-------- DATA PROVIDED
(* If $U$ is a unicyclic graph, then every nontrivial 2-switch between two edges of $\operatorname{Cycles}(U)$ is a p-switch over $U$.
   Context: Graphs are finite, simple, undirected, labeled. A unicyclic graph is a connected graph with exactly one cycle; a pseudoforest is a graph each of whose components is a tree or a unicyclic graph. For vertices $a,b,c,d$, $A=\binom{a\ b}{c\ d}$ is interchangeable in $G$ if $ab,cd\in E(G)$, $\{a,b\}\cap\{c,d\}=\varnothing$, $ac,bd\notin E(G)$; the 2-switch $\tau_A$ sends $G$ to $G-ab-cd+ac+bd$ if $A$ is interchangeable and to $G$ otherwise (trivial); a 2-switch between edges $ab,cd$ is $\tau_A$ with $A=\binom{a\ b}{c\ d}$. A nontrivial 2-switch $\tau$ over a pseudoforest $G$ is a p-switch if $\tau(G)$ is a pseudoforest. $\operatorname{Cycles}(H)$ is the subgraph induced by vertices lying on some cycle of $H$. *)

(* Graphs on a finite vertex type T are symmetric irreflexive
   boolean relations G : rel T (finite, simple, undirected, labeled). *)
From mathcomp Require Import all_boot.
Set Implicit Arguments. Unset Strict Implicit. Unset Printing Implicit Defensive.

Section Graphs.
Variable T : finType.

Definition edges (G : rel T) : {set {set T}} :=
  [set [set p.1; p.2] | p in [set p : T * T | G p.1 p.2]].

Definition restrict (G : rel T) (S : {set T}) : rel T :=
  fun x y => [&& x \in S, y \in S & G x y].

Definition is_cycle (G : rel T) (F : {set {set T}}) : Prop :=
  [/\ F \subset edges G, F != set0,
      forall v, v \in cover F -> #|[set e in F | v \in e]| = 2
    & forall u v, u \in cover F -> v \in cover F ->
        connect (fun x y => [set x; y] \in F) u v].

Definition connected_on (G : rel T) (S : {set T}) : Prop :=
  S != set0 /\ forall x y, x \in S -> y \in S -> connect (restrict G S) x y.

Definition tree_on (G : rel T) (S : {set T}) : Prop :=
  connected_on G S /\ forall F, ~ is_cycle (restrict G S) F.

Definition unicyclic_on (G : rel T) (S : {set T}) : Prop :=
  connected_on G S /\
  exists F, is_cycle (restrict G S) F /\
            forall F', is_cycle (restrict G S) F' -> F' = F.
Lemma ln_Dconst_ge (a b : R) : 0 < a -> a < b ->
  3/2 * ln (b / (b - a)) + 3/2 * ln (b / Num.min a (b - a)) <= ln (Dconst a b).
Proof.
move=> a0 ab; have ba0 : 0 < b - a by rewrite subr_gt0.
have b0 : 0 < b := lt_trans a0 ab.
rewrite /Dconst [X in _ <= X]lnM ?posrE ?powR_gt0 ?expR_gt0 ?divr_gt0 //.
rewrite ln_powR expRK.
rewrite lerD2l ler_pM2l // -one_add_max_inv //.
by apply: ln1D_max_le_lfun; rewrite divr_gt0.
Qed.

Lemma ln_min_ratio_ge (a b : R) : 0 < a -> a < b ->
  ln (b / (b - a)) <= ln (b / Num.min a (b - a)) /\
  ln (b / a) <= ln (b / Num.min a (b - a)).
Proof.
move=> a0 ab; have ba0 : 0 < b - a by rewrite subr_gt0.
have b0 : 0 < b := lt_trans a0 ab.
have m0 : 0 < Num.min a (b - a) by rewrite lt_min a0.
rewrite !ler_ln ?posrE ?divr_gt0 // !ler_pM2l // !lef_pV2 ?posrE //.
by rewrite !ge_min !lexx orbT.
Qed.

Lemma ln_2b_sub_le (a b : R) : 0 < a -> a < b ->
  3/2 * ln ((2 * b - a) / b) <= ln (b / Num.min a (b - a)).
Proof.
move=> a0 ab; have b0 : 0 < b := lt_trans a0 ab.
set m := Num.min a (b - a).
have m0 : 0 < m by rewrite lt_min a0 subr_gt0.
have m_le_a : m <= a by rewrite ge_min lexx.
have two_m : 2 * m <= b.
  have : m <= b - a by rewrite ge_min lexx orbT.
  lra.
have r0 : 0 < (2 * b - a) / b by rewrite divr_gt0 //; lra.
have bm0 : 0 < b / m by rewrite divr_gt0.
have le_pow : ((2 * b - a) / b) ^+ 3 <= (b / m) ^+ 2.
  apply: le_trans (_ : ((2 * b - m) / b) ^+ 3 <= _).
    have le : (2 * b - a) / b <= (2 * b - m) / b by rewrite ler_pM2r ?invr_gt0 //; lra.
    have r1 := lt_le_trans r0 le.
    by rewrite lerXn2r // nnegrE ltW.
  rewrite !expr_div_n ler_pdivrMr ?exprn_gt0 // mulrAC ler_pdivlMr ?exprn_gt0 //.
  by rewrite -exprD; exact: expr3_subr_le (ltW m0) two_m.
have := le_pow; rewrite -ler_ln ?posrE ?exprn_gt0 // (lnXn _ r0) (lnXn _ bm0).
lra.
Qed.

End Constant.

Section LogRatio.
Variables (R : realType) (lam delta a b h k X Y : R).
Hypotheses (a_gt0 : 0 < a) (lt_ab : a < b) (h_gt0 : 0 < h) (k_gt0 : 0 < k)
  (X_gt0 : 0 < X) (Y_gt0 : 0 < Y).

Let Q := p_exponent lam delta.
Let L := lrho lam delta.
Let log_ratio1 := L b h X + L a k Y - L (b - a) h X - L a (h + k) (X + Y).
Let log_ratio2 := L b h X - L a (h + k) (X + Y).
Let lm := ln (b / Num.min a (b - a)).

Let b_gt0 : 0 < b := lt_trans a_gt0 lt_ab.
Let ba_gt0 : 0 < b - a. Proof. by rewrite subr_gt0. Qed.
Let hk_gt0 : 0 < h + k. Proof. exact: addr_gt0. Qed.
Let XY_gt0 : 0 < X + Y. Proof. exact: addr_gt0. Qed.
Let b2a_gt0 : 0 < 2 * b - a.
Proof. by rewrite (_ : 2 * b - a = b + (b - a)) ?(addr_gt0 b_gt0 ba_gt0) //; ring. Qed.
(* Let $X$ be a $T_1$ space and $Q\subset C(X)$. The following are equivalent: (1) $Q$ is compact in $(C(X),\tau_\Gamma)$; (2) $Q$ is countably compact in $(C(X),\tau_\Gamma)$; (3) $Q$ is pseudocompact in $(C(X),\tau_\Gamma)$ (i.e. every continuous real-valued function on $Q$ with the subspace topology from $\tau_\Gamma$ is bounded).
   Context: $C(X)$ is the set of continuous real-valued functions on $X$, each identified with its graph in $X\times\mathbb{R}$. The graph topology $\tau_\Gamma$ on $C(X)$ has base $\{F_G: G\text{ open in }X\times\mathbb{R}\}$ where $F_G=\{f\in C(X): f\subset G\}$. *)

From Stdlib Require Import Reals List.
Open Scope R_scope.

Definition is_topology {T : Type} (open : (T -> Prop) -> Prop) : Prop :=
  open (fun _ => True) /\
  open (fun _ => False) /\
  (forall U V, open U -> open V -> open (fun x => U x /\ V x)) /\
  (forall C : (T -> Prop) -> Prop, (forall U, C U -> open U) ->
     open (fun x => exists U, C U /\ U x)).

Definition T1 {T : Type} (open : (T -> Prop) -> Prop) : Prop :=
  forall x y : T, x <> y -> exists U, open U /\ U x /\ ~ U y.

Definition R_open (V : R -> Prop) : Prop :=
  forall y, V y -> exists eps, eps > 0 /\ forall z, Rabs (z - y) < eps -> V z.

Definition prod_open {X : Type} (openX : (X -> Prop) -> Prop)
  (W : X * R -> Prop) : Prop :=
  forall x y, W (x, y) ->
    exists U eps, openX U /\ U x /\ eps > 0 /\
      forall x' y', U x' -> Rabs (y' - y) < eps -> W (x', y').

Definition continuous {A B : Type} (openA : (A -> Prop) -> Prop)
  (openB : (B -> Prop) -> Prop) (f : A -> B) : Prop :=
  forall V, openB V -> openA (fun a => V (f a)).

Definition CX {X : Type} (openX : (X -> Prop) -> Prop) : Type :=
  { f : X -> R | continuous openX R_open f }.

Definition graph_in {X : Type} (f : X -> R) (G : X * R -> Prop) : Prop :=
  forall x, G (x, f x).

Definition F_G {X : Type} {openX : (X -> Prop) -> Prop}
  (G : X * R -> Prop) : CX openX -> Prop :=
  fun f => graph_in (proj1_sig f) G.

(* Graph topology tau_Gamma: the topology generated by the base
   { F_G : G open in X x R }. *)
Definition graph_open {X : Type} (openX : (X -> Prop) -> Prop)
  (U : CX openX -> Prop) : Prop :=
  forall f, U f -> exists G, prod_open openX G /\ F_G G f /\
    forall g, F_G G g -> U g.

Definition compact_in {T : Type} (open : (T -> Prop) -> Prop)
  (Q : T -> Prop) : Prop :=
  forall C : (T -> Prop) -> Prop,
    (forall U, C U -> open U) ->
    (forall q, Q q -> exists U, C U /\ U q) ->
    exists l : list (T -> Prop),
      (forall U, In U l -> C U) /\
      (forall q, Q q -> exists U, In U l /\ U q).

Definition countably_compact_in {T : Type} (open : (T -> Prop) -> Prop)
  (Q : T -> Prop) : Prop :=
  forall U : nat -> (T -> Prop),
    (forall n, open (U n)) ->
    (forall q, Q q -> exists n, U n q) ->
    exists N, forall q, Q q -> exists n, (n < N)%nat /\ U n q.

Definition subspace_open {T : Type} (open : (T -> Prop) -> Prop)
  (Q : T -> Prop) (V : {t : T | Q t} -> Prop) : Prop :=
  exists U, open U /\ forall q : {t : T | Q t}, V q <-> U (proj1_sig q).

Definition pseudocompact_in {T : Type} (open : (T -> Prop) -> Prop)
  (Q : T -> Prop) : Prop :=
  forall g : {t : T | Q t} -> R,
    continuous (subspace_open open Q) R_open g ->
    exists M, forall q, Rabs (g q) <= M.

From Stdlib Require Import Reals List Lra Lia Classical ClassicalEpsilon.
Open Scope R_scope.

(* Compact => countably compact => pseudocompact holds in every space.  For
   pseudocompact => compact we show that on Q the graph topology coincides
   with the topology of the truncated uniform distance.  Tubes around graphs
   are graph-open, so uniformly continuous functions are graph-continuous; the
   converse inclusion (graph_neighbourhood_uniform) is the heart of the proof:
   if uniform approximants k j in Q of f left a graph neighbourhood G of f at
   points z j, then z would be a closed discrete sequence (using T1), graph
   neighbourhoods could prescribe independent tolerances at the points z n,
   and weighted sums along z would give an unbounded continuous function on Q.
   Finally a pseudocompact subset of a pseudometric space is totally bounded
   and has Lebesgue numbers for its open covers, hence is compact. *)

Lemma term_le_sum (a : nat -> R) n j :
  (forall i, 0 <= a i) -> (j <= n)%nat -> a j <= sum_f_R0 a n.
Proof.
  intros Ha; induction n as [|n IH]; intros Hj.
  - replace j with 0%nat by lia; simpl; lra.
  - simpl. destruct (Nat.eq_dec j (S n)) as [->|Hne].
    + pose proof (cond_pos_sum a n Ha); lra.
    + pose proof (IH ltac:(lia)); pose proof (Ha (S n)); lra.
Qed.

Lemma finite_min_pos (P : nat -> Prop) (a : nat -> R) J :
  (forall n, (n < J)%nat -> P n -> 0 < a n) ->
  exists e, 0 < e /\ forall n, (n < J)%nat -> P n -> e <= a n.
Proof.
  induction J as [|J IH]; intros Ha.
  - exists 1; split; [lra | intros; lia].
  - destruct IH as [e [He HeJ]]; [intros n Hn; apply Ha; lia|].
    destruct (classic (P J)) as [PJ|PJ].
    + exists (Rmin e (a J)); split; [apply Rmin_pos; auto; apply Ha; auto|].
      intros n Hn Pn; destruct (Nat.eq_dec n J) as [->|]; [apply Rmin_r|].
      eapply Rle_trans; [apply Rmin_l | apply HeJ; auto; lia].
    + exists e; split; auto; intros n Hn Pn.
      destruct (Nat.eq_dec n J) as [->|]; [contradiction | apply HeJ; auto; lia].
Qed.

Lemma inv_succ_lt e J j : e > 0 -> / e < INR J -> (J <= j)%nat -> / (INR j + 1) < e.
Proof.
  intros He HJ Hj; pose proof (le_INR _ _ Hj); pose proof (Rinv_0_lt_compat e He).
  rewrite <- (Rinv_inv e); apply Rinv_lt_contravar; [apply Rmult_lt_0_compat|]; lra.
Qed.

Lemma dominating_weights (d : nat -> nat -> nat -> R) :
  exists w : nat -> R, (forall n, 0 <= w n) /\
    forall s t n, (s <= n)%nat -> (t <= n)%nat -> d s t n <> 0 ->
      INR n <= w n * Rabs (d s t n).
Proof.
  set (c s t n := if Req_dec_T (d s t n) 0 then 0 else / Rabs (d s t n)).
  assert (Hc : forall s t n, 0 <= c s t n).
  { intros s t n; unfold c; destruct (Req_dec_T _ _); [lra|].
    left; apply Rinv_0_lt_compat, Rabs_pos_lt; auto. }
  set (S n := sum_f_R0 (fun t => sum_f_R0 (fun s => c s t n) n) n).
  assert (HS : forall n, 0 <= S n).
  { intros n; apply cond_pos_sum; intros; apply cond_pos_sum; auto. }
  exists (fun n => INR n * S n); split.
  - intros n; apply Rmult_le_pos; [apply pos_INR | auto].
  - intros s t n Hs Ht Hd.
    assert (Hcs : / Rabs (d s t n) <= S n).
    { replace (/ Rabs (d s t n)) with (c s t n)
        by (unfold c; destruct (Req_dec_T _ _); [contradiction | reflexivity]).
      apply Rle_trans with (sum_f_R0 (fun s => c s t n) n).
      - apply (term_le_sum (fun s => c s t n)); auto.
      - apply (term_le_sum (fun t => sum_f_R0 (fun s => c s t n) n)); auto.
        intros; apply cond_pos_sum; auto. }
    pose proof (Rabs_pos_lt _ Hd) as Hpos.
    apply Rmult_le_compat_l with (r := Rabs (d s t n)) in Hcs; [|lra].
    rewrite Rinv_r in Hcs by lra.
    pose proof (pos_INR n); nra.
Qed.

Definition bounded_above (u : nat -> R) : Prop := exists M, forall n, u n <= M.

Lemma bounded_range u : bounded_above u -> bound (fun r => exists n, r = u n).
Proof. intros [M HM]; exists M; intros r [n ->]; apply HM. Qed.

(* The supremum of a real sequence, set to 0 when the sequence is unbounded;
   totality lets us define functions by suprema before knowing boundedness. *)
Definition supR (u : nat -> R) : R :=
  match excluded_middle_informative (bounded_above u) with
  | left Hb => proj1_sig (completeness _ (bounded_range u Hb)
                 (ex_intro _ (u 0%nat) (ex_intro _ 0%nat eq_refl)))
  | right _ => 0
  end.

Lemma supR_lub u : bounded_above u ->
  (forall n, u n <= supR u) /\ (forall M, (forall n, u n <= M) -> supR u <= M).
Proof.
  intros Hb; unfold supR.
  destruct (excluded_middle_informative (bounded_above u)) as [Hb'|]; [|contradiction].
  destruct (completeness _ _ _) as [s [Hub Hleast]]; simpl; split.
  - intros n; apply Hub; exists n; reflexivity.
  - intros M HM; apply Hleast; intros r [n ->]; apply HM.
Qed.

Lemma Rabs_le_bounds x e : Rabs x <= e -> - e <= x <= e.
Proof. split_Rabs; lra. Qed.

Lemma supR_close u u' e :
  (forall n, Rabs (u' n - u n) <= e) -> Rabs (supR u' - supR u) <= e.
Proof.
  intros H.
  assert (He : 0 <= e) by (eapply Rle_trans; [apply Rabs_pos | apply (H 0%nat)]).
  assert (Hn : forall n, u n - e <= u' n <= u n + e)
    by (intros n; specialize (H n); apply Rabs_le_bounds in H; lra).
  destruct (classic (bounded_above u)) as [B|B].
  - assert (B' : bounded_above u').
    { destruct B as [M HM]; exists (M + e); intros n; specialize (HM n); specialize (Hn n); lra. }
    destruct (supR_lub u B) as [ub lub]; destruct (supR_lub u' B') as [ub' lub'].
    apply Rabs_le; split.
    + enough (supR u <= supR u' + e) by lra.
      apply lub; intros n; specialize (ub' n); specialize (Hn n); lra.
    + enough (supR u' <= supR u + e) by lra.
      apply lub'; intros n; specialize (ub n); specialize (Hn n); lra.
  - assert (B' : ~ bounded_above u').
    { intros [M HM]; apply B; exists (M + e); intros n; specialize (HM n); specialize (Hn n); lra. }
    unfold supR; destruct (excluded_middle_informative (bounded_above u)); [contradiction|].
    destruct (excluded_middle_informative (bounded_above u')); [contradiction|].
    rewrite Rminus_0_r, Rabs_R0; auto.
Qed.

Lemma eventually_zero_bounded u N :
  (forall n, (N <= n)%nat -> u n = 0) -> bounded_above u.
Proof.
  intros H; exists (sum_f_R0 (fun n => Rabs (u n)) N); intros n.
  assert (Hpos : forall n, 0 <= Rabs (u n)) by (intros; apply Rabs_pos).
  destruct (Nat.le_gt_cases n N) as [Hn|Hn].
  - eapply Rle_trans; [apply Rle_abs | apply (term_le_sum (fun n => Rabs (u n))); auto].
  - rewrite H by lia; apply cond_pos_sum; auto.
Qed.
----------------
### INSTRUCTIONS TO FOLLOW
Given the records above, return exactly the lines starting at the line containing "(A -> Prop) -> Prop)" and ending at the line containing "fun f => graph_in (proj1_sig f) G.", including both.

### FINISHED EXERCISE
Definition continuous {A B : Type} (openA : (A -> Prop) -> Prop)
  (openB : (B -> Prop) -> Prop) (f : A -> B) : Prop :=
  forall V, openB V -> openA (fun a => V (f a)).

Definition CX {X : Type} (openX : (X -> Prop) -> Prop) : Type :=
  { f : X -> R | continuous openX R_open f }.

Definition graph_in {X : Type} (f : X -> R) (G : X * R -> Prop) : Prop :=
  forall x, G (x, f x).

Definition F_G {X : Type} {openX : (X -> Prop) -> Prop}
  (G : X * R -> Prop) : CX openX -> Prop :=
  fun f => graph_in (proj1_sig f) G.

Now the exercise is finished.